Excerpts from a dataset:
* * * *

(* For every integer $k\ge 3$ there exist a finite connected graph $G$ and an isometric subgraph $H$ of $G$ such that $c(H)=1$, but $H$ is not $k$-guardable in $G$ (i.e., $k$ cops cannot guard $H$ in $G$).
   Context: All graphs are finite, simple and connected. A subgraph $H$ of $G$ is isometric if $d_H(x,y)=d_G(x,y)$ for all $x,y\in V(H)$. Cops and robber game on $G$: the cops first choose starting vertices, then the robber; then they alternate turns, each player moving each piece to an adjacent vertex or staying; a capture occurs when a cop occupies the robber's vertex. The cop number $c(H)$ is the minimum number of cops that can guarantee capture on $H$. For an isometric subgraph $H$ of $G$ and $k\ge1$, $H$ is $k$-guardable in $G$ if $k$ cops have a strategy such that after finitely many moves the $k$ cops are on vertices of $H$ and from then on always stay in $H$, and whenever the robber enters $H$ he is captured by one of these cops in the next turn. *)

From mathcomp Require Import all_boot.
Set Implicit Arguments. Unset Strict Implicit. Unset Printing Implicit Defensive.

Definition simple_graph (T : finType) (e : rel T) : Prop :=
  symmetric e /\ irreflexive e.

Definition connected_graph (T : finType) (e : rel T) : Prop :=
  forall x y : T, connect e x y.

Definition dist_le (T : finType) (e : rel T) (n : nat) (x y : T) : Prop :=
  exists p : seq T, [/\ path e x p, last x p = y & size (p) <= n].
Definition npaths2 (H : hgraph) : nat :=
  \sum_(u <- verts H) \sum_(e1 <- hedges H) \sum_(v <- verts H)
   \sum_(e2 <- hedges H) \sum_(w <- verts H)
    nat_of_bool [&& uniq [:: u; v; w], e1 != e2,
                    (u \in e1) && (v \in e1) & (v \in e2) && (w \in e2)].

Definition ntriangles (H : hgraph) : nat :=
  \sum_(u <- verts H) \sum_(e1 <- hedges H) \sum_(v <- verts H)
   \sum_(e2 <- hedges H) \sum_(w <- verts H) \sum_(e3 <- hedges H)
    nat_of_bool [&& uniq [:: u; v; w], uniq [:: e1; e2; e3],
                    (u \in e1) && (v \in e1), (v \in e2) && (w \in e2)
                  & (w \in e3) && (u \in e3)].

Definition HC1 (H : hgraph) : rat :=
  ((6 * ntriangles H)%:R / (npaths2 H)%:R)%R.

From mathcomp Require Import all_boot all_order all_algebra.
From mathcomp Require Import finmap.
From mathcomp Require Import zify ring.
Set Implicit Arguments. Unset Strict Implicit. Unset Printing Implicit Defensive.
Import Order.TTheory GRing.Theory Num.Theory.

(* A step of the ILTH model is a "lift" of an incidence relation: the vertices
   above x are x and its clone x', and the edges above f are f and the edges
   f - z + z' for z in f.  For distinct x, y in f, the number of edges above f
   containing a given vertex above x and a given vertex above y is an entry of
   M = [[k-1, 1], [1, 0]] (index 0 for the original vertex, 1 for the clone).
   Hence above each hypertriangle lie exactly tr M^3 = (k-1)^3 + 3(k-1)
   hypertriangles, and above each path of length two exactly 1^T M^2 1 = k^2 + 1
   paths.  The lifted triangles and paths above degenerate configurations (with a
   repeated edge, or a path returning to its start) are bounded by a constant
   times the number of digons, i.e. of pairs of vertices lying in two (possibly
   equal) common edges, and digons grow at most by the factor (k-1)^2 + 2, which
   is smaller than both rates.  A potential argument then shows that the numbers
   of triangles and of paths are Theta of the t-th powers of their rates. *)

Lemma leq_bool_impl (a b : bool) : (a -> b) -> a <= b.
Proof. by case: a; case: b => // /(_ isT). Qed.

* * * *

Action item: Among the records, find every line holding the word "rates" and copy it.

Task output:
   is smaller than both rates.  A potential argument then shows that the numbers
   of triangles and of paths are Theta of the t-th powers of their rates. *)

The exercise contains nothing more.